> Work required
Write out, word for word, every line in the data below from the one containing "Asc (flatten (map" to the one containing "elim: A => [|S", both of them included.

> Data extract
*** Begin section ***
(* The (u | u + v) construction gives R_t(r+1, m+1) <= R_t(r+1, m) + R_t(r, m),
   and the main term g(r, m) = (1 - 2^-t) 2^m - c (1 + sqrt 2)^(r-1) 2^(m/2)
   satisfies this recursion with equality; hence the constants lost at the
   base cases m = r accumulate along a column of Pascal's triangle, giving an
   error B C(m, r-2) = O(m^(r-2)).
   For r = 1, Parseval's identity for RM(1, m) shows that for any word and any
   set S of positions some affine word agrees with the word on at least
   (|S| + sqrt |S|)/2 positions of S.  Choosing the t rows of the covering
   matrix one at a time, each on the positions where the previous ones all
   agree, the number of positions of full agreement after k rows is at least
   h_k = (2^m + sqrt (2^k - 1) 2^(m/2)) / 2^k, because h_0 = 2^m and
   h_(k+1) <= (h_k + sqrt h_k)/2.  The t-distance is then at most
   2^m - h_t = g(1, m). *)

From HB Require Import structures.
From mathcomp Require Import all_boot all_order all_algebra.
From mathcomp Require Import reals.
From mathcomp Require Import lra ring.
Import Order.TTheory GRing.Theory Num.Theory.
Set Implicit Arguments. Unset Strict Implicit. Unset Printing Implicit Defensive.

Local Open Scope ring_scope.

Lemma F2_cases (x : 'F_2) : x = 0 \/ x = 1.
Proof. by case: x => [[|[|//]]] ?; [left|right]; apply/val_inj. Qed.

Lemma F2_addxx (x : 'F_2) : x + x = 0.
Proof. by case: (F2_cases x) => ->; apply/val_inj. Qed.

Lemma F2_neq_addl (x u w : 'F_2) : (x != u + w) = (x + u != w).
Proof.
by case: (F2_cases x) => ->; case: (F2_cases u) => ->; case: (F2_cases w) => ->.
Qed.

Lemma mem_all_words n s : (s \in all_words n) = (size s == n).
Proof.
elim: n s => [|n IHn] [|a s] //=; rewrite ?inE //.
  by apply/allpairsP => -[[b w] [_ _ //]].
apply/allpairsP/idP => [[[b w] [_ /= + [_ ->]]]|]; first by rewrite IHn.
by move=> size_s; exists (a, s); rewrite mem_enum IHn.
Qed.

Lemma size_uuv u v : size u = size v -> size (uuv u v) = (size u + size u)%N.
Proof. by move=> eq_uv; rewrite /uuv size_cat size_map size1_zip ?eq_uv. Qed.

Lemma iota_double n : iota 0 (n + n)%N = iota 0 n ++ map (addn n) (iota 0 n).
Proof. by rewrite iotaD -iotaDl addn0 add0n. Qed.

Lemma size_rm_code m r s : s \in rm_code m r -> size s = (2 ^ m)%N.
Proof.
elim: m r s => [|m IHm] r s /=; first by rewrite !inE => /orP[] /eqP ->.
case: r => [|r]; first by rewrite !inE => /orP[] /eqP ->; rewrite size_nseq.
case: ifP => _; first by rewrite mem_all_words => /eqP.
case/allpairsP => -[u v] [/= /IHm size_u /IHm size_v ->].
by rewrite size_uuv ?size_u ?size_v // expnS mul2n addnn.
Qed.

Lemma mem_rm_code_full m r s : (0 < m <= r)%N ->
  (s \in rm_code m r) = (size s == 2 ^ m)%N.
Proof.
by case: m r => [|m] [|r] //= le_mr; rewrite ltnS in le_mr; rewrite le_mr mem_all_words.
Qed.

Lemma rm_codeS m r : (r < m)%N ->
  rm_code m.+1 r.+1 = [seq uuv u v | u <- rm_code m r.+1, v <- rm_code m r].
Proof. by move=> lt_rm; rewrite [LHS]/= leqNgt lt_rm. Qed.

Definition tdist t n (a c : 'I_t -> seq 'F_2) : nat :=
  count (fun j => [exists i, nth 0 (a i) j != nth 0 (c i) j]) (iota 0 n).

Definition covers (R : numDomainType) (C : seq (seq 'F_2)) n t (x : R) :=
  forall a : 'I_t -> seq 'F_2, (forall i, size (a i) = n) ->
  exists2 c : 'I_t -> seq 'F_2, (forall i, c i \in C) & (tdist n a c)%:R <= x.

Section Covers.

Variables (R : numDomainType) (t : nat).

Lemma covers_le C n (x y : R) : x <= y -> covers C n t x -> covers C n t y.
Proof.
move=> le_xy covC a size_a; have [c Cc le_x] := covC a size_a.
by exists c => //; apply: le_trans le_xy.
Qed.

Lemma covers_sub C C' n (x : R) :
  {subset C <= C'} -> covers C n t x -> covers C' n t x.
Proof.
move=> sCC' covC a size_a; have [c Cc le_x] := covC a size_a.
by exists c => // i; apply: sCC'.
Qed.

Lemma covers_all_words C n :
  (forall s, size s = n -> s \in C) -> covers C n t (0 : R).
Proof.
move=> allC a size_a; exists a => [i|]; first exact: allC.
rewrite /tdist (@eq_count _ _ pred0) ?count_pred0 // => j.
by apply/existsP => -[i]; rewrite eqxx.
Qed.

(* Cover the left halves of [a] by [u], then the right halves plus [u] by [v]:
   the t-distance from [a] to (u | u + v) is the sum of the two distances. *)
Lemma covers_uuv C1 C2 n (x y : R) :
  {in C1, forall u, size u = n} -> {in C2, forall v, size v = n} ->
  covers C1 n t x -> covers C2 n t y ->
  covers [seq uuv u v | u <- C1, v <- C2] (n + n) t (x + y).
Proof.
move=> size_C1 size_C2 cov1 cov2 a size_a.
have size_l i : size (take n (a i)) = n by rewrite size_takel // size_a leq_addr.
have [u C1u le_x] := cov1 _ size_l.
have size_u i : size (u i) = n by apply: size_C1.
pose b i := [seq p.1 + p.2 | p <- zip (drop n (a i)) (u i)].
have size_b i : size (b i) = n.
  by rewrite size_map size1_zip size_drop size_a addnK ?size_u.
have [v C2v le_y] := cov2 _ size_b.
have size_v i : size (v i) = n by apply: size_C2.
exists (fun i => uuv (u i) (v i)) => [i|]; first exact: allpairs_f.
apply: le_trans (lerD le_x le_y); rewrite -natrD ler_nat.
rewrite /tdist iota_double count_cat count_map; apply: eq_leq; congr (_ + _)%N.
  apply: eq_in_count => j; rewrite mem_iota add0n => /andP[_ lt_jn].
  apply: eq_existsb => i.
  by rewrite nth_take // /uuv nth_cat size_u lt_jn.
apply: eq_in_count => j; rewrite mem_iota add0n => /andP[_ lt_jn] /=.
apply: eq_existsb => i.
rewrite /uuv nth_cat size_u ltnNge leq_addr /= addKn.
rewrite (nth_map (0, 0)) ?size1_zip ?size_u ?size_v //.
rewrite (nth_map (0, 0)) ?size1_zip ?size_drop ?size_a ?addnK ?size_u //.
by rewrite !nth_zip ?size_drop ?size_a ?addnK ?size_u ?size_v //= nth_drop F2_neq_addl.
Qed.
*** End section ***
*** Begin section ***
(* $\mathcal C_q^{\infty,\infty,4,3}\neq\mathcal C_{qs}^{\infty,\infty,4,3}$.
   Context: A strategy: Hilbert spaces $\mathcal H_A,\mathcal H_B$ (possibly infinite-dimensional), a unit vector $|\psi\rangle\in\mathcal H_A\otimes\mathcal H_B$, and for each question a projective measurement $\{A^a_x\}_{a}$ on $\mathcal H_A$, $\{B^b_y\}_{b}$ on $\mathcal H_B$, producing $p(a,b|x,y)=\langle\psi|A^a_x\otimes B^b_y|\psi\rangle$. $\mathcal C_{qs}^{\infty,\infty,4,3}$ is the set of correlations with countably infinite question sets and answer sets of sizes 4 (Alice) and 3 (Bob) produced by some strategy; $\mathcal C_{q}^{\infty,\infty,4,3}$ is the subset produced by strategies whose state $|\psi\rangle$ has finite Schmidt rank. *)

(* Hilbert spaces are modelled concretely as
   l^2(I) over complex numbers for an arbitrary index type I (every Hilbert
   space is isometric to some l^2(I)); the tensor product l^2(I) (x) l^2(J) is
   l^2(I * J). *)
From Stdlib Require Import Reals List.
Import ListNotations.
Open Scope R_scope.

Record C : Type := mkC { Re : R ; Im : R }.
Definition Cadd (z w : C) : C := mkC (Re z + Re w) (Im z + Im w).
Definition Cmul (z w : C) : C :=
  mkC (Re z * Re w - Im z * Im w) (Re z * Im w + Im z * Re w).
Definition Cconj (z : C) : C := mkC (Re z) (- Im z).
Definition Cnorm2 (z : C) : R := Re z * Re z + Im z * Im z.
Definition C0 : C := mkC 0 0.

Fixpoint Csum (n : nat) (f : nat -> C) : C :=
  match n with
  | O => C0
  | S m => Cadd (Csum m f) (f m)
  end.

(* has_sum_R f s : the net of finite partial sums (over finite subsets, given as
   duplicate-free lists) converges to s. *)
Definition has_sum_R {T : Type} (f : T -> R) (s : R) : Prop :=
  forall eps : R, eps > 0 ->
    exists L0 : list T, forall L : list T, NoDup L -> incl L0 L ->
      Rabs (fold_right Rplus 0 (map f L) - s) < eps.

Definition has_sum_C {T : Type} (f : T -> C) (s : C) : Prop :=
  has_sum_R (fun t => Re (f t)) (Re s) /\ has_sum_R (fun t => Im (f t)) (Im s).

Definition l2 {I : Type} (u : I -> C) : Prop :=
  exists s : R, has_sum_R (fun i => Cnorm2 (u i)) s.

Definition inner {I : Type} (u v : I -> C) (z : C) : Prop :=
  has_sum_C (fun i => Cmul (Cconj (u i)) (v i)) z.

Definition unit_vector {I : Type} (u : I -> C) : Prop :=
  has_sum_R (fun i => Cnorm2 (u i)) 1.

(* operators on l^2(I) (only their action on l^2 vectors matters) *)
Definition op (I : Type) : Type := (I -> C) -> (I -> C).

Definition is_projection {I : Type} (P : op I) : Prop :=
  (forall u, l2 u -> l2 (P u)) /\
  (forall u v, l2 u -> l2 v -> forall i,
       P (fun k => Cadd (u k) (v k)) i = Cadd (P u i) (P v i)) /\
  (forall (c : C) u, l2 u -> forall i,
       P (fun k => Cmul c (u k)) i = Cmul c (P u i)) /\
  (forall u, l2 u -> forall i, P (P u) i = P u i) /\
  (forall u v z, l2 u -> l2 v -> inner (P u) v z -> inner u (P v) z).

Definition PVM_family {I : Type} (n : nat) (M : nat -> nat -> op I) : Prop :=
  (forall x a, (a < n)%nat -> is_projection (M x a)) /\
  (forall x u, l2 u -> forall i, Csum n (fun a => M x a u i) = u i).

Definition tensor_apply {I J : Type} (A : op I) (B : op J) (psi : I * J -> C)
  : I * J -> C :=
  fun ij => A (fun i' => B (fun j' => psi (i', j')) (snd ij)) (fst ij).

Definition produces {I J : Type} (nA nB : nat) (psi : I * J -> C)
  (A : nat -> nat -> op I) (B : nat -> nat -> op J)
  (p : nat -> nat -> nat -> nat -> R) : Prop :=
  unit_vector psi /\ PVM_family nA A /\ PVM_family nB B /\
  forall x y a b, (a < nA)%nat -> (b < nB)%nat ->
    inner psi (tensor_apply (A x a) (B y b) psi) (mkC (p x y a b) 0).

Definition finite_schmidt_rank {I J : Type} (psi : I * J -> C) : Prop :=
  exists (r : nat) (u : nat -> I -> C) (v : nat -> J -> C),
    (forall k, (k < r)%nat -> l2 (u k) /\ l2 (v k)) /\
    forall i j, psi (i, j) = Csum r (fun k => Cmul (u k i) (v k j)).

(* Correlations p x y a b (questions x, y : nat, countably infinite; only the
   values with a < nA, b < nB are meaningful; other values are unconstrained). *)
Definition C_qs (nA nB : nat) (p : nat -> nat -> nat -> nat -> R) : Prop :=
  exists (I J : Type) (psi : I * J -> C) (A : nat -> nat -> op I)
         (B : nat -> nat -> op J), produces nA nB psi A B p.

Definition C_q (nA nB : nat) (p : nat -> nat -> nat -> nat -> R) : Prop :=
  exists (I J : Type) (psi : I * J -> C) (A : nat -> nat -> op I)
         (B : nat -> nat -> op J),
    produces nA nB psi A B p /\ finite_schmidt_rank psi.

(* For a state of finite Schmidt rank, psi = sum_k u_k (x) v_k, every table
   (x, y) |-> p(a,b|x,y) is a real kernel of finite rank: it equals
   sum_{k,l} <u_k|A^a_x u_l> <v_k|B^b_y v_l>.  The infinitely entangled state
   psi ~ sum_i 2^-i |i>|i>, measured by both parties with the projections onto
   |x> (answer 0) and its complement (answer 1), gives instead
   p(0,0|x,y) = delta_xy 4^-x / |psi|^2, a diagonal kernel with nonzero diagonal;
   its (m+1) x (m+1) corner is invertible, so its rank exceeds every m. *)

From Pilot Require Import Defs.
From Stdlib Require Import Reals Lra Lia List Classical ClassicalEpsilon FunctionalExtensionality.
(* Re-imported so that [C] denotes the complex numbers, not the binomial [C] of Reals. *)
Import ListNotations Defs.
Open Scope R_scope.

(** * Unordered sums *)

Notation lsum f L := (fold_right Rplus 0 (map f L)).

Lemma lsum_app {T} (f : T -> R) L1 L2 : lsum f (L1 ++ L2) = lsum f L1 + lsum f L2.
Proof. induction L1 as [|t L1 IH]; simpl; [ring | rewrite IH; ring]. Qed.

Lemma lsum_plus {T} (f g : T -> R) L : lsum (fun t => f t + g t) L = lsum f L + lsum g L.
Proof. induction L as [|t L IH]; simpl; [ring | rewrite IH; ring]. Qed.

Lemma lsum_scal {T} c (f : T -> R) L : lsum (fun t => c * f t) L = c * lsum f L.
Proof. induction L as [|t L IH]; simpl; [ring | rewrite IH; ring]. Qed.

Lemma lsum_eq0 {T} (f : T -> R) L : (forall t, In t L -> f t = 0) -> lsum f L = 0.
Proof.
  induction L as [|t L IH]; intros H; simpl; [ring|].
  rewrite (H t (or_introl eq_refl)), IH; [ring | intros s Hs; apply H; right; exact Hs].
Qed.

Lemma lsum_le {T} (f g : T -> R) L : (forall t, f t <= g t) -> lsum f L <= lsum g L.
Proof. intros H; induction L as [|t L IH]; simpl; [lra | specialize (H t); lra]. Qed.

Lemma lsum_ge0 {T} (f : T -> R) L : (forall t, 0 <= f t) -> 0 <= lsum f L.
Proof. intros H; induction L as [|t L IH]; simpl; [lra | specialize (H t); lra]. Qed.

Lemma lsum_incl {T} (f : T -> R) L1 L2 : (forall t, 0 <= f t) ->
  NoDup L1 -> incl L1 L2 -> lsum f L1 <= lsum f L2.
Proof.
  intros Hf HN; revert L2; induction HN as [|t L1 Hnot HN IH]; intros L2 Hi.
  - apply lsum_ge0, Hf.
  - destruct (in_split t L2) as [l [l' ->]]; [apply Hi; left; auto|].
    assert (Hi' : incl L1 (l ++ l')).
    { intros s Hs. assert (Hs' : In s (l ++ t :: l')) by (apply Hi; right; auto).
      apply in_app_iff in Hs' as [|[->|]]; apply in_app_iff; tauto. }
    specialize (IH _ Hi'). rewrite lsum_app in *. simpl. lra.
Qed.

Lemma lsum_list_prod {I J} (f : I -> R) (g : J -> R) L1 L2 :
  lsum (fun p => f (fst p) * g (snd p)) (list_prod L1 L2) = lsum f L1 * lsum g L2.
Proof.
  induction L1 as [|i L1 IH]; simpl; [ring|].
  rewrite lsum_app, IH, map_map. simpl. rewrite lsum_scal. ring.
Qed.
*** End section ***
*** Begin section ***
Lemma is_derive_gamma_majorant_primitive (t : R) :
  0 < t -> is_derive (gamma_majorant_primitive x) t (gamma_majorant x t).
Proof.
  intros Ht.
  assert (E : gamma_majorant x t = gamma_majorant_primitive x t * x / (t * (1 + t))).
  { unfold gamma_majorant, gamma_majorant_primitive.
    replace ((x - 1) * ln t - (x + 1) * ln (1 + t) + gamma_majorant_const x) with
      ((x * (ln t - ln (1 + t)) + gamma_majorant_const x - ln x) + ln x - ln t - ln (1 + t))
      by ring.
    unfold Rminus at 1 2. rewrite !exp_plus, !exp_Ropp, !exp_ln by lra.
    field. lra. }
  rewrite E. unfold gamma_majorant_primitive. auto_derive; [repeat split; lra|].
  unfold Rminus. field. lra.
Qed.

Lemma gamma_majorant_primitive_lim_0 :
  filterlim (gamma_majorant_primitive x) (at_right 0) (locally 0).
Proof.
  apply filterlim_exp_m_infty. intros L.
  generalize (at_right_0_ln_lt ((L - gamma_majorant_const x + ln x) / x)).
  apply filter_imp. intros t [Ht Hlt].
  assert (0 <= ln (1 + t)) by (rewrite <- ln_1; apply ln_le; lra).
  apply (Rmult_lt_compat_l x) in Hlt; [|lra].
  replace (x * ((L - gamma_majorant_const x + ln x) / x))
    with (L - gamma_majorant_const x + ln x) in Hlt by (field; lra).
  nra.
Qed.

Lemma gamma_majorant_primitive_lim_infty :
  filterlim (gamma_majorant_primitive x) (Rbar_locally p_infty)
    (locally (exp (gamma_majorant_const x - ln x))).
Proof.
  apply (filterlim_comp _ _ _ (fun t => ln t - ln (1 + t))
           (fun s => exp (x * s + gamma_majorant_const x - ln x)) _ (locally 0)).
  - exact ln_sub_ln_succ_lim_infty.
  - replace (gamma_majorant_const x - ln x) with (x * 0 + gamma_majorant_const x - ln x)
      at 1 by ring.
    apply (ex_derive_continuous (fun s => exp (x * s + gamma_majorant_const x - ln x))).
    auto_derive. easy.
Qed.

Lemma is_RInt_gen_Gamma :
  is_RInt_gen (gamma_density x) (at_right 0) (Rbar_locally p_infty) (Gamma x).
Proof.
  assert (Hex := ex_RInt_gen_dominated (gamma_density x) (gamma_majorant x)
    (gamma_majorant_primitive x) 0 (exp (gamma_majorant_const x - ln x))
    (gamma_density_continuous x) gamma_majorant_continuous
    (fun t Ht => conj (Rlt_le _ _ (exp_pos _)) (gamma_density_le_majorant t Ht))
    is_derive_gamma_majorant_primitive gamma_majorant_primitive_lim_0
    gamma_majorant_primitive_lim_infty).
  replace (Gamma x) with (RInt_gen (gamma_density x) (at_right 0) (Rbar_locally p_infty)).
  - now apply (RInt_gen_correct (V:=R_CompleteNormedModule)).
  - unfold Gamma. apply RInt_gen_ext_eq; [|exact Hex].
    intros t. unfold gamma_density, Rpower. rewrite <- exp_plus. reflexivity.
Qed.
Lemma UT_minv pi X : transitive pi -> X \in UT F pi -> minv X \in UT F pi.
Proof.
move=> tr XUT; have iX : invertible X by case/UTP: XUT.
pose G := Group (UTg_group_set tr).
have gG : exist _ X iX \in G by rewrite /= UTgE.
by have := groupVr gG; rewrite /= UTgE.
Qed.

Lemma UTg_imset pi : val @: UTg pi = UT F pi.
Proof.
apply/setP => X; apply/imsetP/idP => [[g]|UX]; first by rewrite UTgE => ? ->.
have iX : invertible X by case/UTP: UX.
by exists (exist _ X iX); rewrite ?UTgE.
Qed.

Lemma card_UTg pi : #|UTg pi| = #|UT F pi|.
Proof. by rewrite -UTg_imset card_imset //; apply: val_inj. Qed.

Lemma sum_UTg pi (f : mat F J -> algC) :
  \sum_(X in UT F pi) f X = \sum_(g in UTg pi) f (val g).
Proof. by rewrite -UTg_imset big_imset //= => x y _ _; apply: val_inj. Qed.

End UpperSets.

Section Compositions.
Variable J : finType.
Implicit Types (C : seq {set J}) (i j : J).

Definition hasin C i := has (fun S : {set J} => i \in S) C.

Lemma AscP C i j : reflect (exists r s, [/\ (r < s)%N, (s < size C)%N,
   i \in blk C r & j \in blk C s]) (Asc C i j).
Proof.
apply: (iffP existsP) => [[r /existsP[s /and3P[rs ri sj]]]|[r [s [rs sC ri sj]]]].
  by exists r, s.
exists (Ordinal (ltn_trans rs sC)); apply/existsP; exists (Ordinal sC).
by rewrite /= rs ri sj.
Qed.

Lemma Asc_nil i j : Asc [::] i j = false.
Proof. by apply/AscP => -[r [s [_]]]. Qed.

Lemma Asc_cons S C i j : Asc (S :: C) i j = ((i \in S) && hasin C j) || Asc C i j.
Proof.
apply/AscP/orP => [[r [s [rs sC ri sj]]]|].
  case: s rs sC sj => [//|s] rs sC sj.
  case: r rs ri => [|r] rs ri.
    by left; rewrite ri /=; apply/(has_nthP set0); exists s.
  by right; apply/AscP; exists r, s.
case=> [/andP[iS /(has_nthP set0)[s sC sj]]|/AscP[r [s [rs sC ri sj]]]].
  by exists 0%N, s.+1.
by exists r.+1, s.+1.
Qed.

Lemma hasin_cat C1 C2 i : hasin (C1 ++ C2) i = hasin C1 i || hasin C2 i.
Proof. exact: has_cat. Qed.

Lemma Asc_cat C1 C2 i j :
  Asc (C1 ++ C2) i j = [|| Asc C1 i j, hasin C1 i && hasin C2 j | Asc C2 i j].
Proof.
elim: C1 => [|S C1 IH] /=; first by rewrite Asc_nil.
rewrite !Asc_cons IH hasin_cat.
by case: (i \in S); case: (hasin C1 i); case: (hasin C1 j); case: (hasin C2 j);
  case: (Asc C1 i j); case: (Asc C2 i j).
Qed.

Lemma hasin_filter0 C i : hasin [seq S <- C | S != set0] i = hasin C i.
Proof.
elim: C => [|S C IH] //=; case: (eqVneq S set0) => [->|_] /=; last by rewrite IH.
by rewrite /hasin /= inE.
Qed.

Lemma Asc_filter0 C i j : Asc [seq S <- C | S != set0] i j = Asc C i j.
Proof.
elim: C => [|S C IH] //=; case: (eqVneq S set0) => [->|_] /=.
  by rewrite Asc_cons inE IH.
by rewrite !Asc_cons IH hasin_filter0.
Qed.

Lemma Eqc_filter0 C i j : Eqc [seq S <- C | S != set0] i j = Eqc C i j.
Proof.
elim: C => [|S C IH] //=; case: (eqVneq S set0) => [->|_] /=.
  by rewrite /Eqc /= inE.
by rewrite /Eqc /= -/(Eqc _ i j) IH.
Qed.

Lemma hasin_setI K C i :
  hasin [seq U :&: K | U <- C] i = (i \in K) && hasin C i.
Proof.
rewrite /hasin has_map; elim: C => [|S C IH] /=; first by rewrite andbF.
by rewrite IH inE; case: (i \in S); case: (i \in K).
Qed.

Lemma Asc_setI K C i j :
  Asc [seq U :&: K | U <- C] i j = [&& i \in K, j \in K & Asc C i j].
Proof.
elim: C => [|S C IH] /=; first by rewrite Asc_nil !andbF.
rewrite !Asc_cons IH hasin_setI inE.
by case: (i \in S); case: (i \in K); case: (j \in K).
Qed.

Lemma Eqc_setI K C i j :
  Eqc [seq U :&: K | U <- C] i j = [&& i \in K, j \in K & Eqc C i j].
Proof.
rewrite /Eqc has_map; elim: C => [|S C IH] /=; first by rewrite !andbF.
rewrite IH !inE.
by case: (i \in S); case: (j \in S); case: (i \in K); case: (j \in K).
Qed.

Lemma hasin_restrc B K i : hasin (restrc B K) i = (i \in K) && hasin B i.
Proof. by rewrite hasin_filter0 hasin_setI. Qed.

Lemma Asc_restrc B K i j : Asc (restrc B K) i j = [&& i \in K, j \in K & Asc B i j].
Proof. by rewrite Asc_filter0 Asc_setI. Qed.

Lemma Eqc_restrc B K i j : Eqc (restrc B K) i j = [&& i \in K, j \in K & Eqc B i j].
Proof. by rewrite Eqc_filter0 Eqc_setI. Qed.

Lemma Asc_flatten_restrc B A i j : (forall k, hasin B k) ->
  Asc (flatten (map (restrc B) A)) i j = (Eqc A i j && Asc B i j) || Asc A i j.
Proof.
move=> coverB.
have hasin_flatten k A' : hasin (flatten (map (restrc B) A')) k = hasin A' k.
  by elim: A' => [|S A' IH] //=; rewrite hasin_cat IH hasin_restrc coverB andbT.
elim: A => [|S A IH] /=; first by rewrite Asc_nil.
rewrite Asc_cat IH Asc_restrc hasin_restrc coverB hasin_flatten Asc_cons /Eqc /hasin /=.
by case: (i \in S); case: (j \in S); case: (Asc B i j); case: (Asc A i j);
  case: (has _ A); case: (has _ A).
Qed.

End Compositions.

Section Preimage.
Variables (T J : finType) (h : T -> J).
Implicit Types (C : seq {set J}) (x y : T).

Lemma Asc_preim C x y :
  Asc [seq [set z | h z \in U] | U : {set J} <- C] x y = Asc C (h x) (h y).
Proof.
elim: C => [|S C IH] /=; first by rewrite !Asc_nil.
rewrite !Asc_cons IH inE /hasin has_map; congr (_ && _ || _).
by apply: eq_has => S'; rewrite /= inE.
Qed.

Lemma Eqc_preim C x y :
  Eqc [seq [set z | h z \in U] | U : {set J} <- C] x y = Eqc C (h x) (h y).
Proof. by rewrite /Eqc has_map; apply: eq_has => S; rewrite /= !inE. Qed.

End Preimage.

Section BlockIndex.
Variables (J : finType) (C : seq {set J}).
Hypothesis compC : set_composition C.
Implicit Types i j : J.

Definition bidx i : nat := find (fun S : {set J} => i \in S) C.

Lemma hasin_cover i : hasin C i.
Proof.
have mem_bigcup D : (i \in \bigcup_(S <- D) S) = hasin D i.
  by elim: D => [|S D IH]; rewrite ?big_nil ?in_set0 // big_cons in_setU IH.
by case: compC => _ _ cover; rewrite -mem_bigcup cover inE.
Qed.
*** End section ***
> Written response
  Asc (flatten (map (restrc B) A)) i j = (Eqc A i j && Asc B i j) || Asc A i j.
Proof.
move=> coverB.
have hasin_flatten k A' : hasin (flatten (map (restrc B) A')) k = hasin A' k.
  by elim: A' => [|S A' IH] //=; rewrite hasin_cat IH hasin_restrc coverB andbT.
elim: A => [|S A IH] /=; first by rewrite Asc_nil.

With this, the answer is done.